Recorded data =>
━━━━
(* Let $(|B(\lambda)\rangle,\mathcal{M})$ be an $N$-regular quantum scenario with $M_3=\{C_0,C_1\}$. It is a paradox if and only if $\delta(\lambda,C_0)$ and $\delta(\lambda,C_1)$ are each congruent modulo $2\pi$ to an even multiple of $\frac{\pi}{N}$ and $\beta(\lambda,C_0)-\beta(\lambda,C_1)$ is congruent modulo $2\pi$ to an odd multiple of $\frac{\pi}{N}$.
   Context: $\equiv$ is equality modulo $2\pi$; $\oplus$ is addition mod 2. For $\varphi\in\mathbb{R}$, $E_\varphi=\cos\varphi X+\sin\varphi Y$, with $+1$ eigenvector $|\varphi\rangle=\frac{1}{\sqrt2}(|0\rangle+e^{i\varphi}|1\rangle)$ and $-1$ eigenvector $|\varphi+\pi\rangle$; outcomes $+1,-1$ relabelled $0,1$; measurements identified with angles. A measurement scenario $\mathcal{M}=(M_1,M_2,M_3)$ consists of finite sets $M_i\subseteq[0,\pi)$ of angles for qubit $i$; contexts are triples in $M_1\times M_2\times M_3$. For a three-qubit state $|\psi\rangle$, the event $(A,B,C)\to(a,b,c)$ is impossible if $(\langle A+a\pi|\otimes\langle B+b\pi|\otimes\langle C+c\pi|)|\psi\rangle=0$; $(|\psi\rangle,\mathcal{M})$ is a paradox if for every assignment $g$ of outcomes in $\{0,1\}$ to all measurements of $M_1,M_2,M_3$ (as disjoint sets) some context $(A,B,C)$ has $(A,B,C)\to(g(A),g(B),g(C))$ impossible. For $\lambda\in[0,\frac{\pi}{2})$, $|v_\lambda\rangle=\cos\frac{\lambda}{2}|0\rangle+\sin\frac{\lambda}{2}|1\rangle$, $|w_\lambda\rangle=\sin\frac{\lambda}{2}|0\rangle+\cos\frac{\lambda}{2}|1\rangle$, $|B(\lambda)\rangle=\frac{1}{\sqrt2}(|00\rangle|v_\lambda\rangle+|11\rangle|w_\lambda\rangle)$. Define modulo $2\pi$: $\beta(\lambda,\varphi)=\varphi-2\arctan\left(\frac{\cos\frac{\lambda}{2}\sin\varphi}{\sin\frac{\lambda}{2}+\cos\frac{\lambda}{2}\cos\varphi}\right)$ and $\delta(\lambda,\varphi)=\beta(\lambda,\varphi+\pi)-\beta(\lambda,\varphi)$. For $|B(\lambda)\rangle$, $(A,B,C)\to(a,b,c)$ is impossible iff $A+B\equiv\beta(\lambda,C+c\pi)+(1\oplus a\oplus b)\pi$. $(|B(\lambda)\rangle,\mathcal{M})$ is maximally impossible if for every $C\in M_3$ and $z\in\{0,1\}$: every $A\in M_1$ admits $B\in M_2$, $a,b$ with $(A,B,C)\to(a,b,z)$ impossible, and every $B\in M_2$ admits $A\in M_1$, $a,b$ with $(A,B,C)\to(a,b,z)$ impossible. Then $|M_1|=|M_2|=:N$; write $M_1=\{A_0,\dots,A_{N-1}\}$, $M_2=\{B_0,\dots,B_{N-1}\}$, $M_3=\{C_0,\dots,C_{n-1}\}$; for each $(j,l,z)$ there is a unique $k=:K(j,l,z)$ with $A_j+B_k-\beta(\lambda,C_l+z\pi)$ an integer multiple of $\pi$, and $r(j,l,z)\in\{0,1\}$ is defined by $A_j+B_{K(j,l,z)}-\beta(\lambda,C_l+z\pi)\equiv r(j,l,z)\pi$. $\Psi_l(z)$ is the $\mathbb{Z}_2$-linear system $\{a_j\oplus b_{K(j,l,z)}=r(j,l,z):j=0,\dots,N-1\}$. With $n=2$, maximal rank means for all $z_0,z_1$ the coefficient matrix of $\Psi_0(z_0)\cup\Psi_1(z_1)$ has rank $2N-1$ over $\mathbb{Z}_2$. $N$-regular: maximally impossible and of maximal rank, with $|M_1|=|M_2|=N$ and $M_3=\{C_0,C_1\}$. *)

From mathcomp Require Import all_boot all_algebra.
From Stdlib Require Import Reals ZArith.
━━━━
Work instructions => Lines of the listing above that include the string "Import" should each be copied.

Answer to the exercise =>
From mathcomp Require Import all_boot all_algebra.
From Stdlib Require Import Reals ZArith.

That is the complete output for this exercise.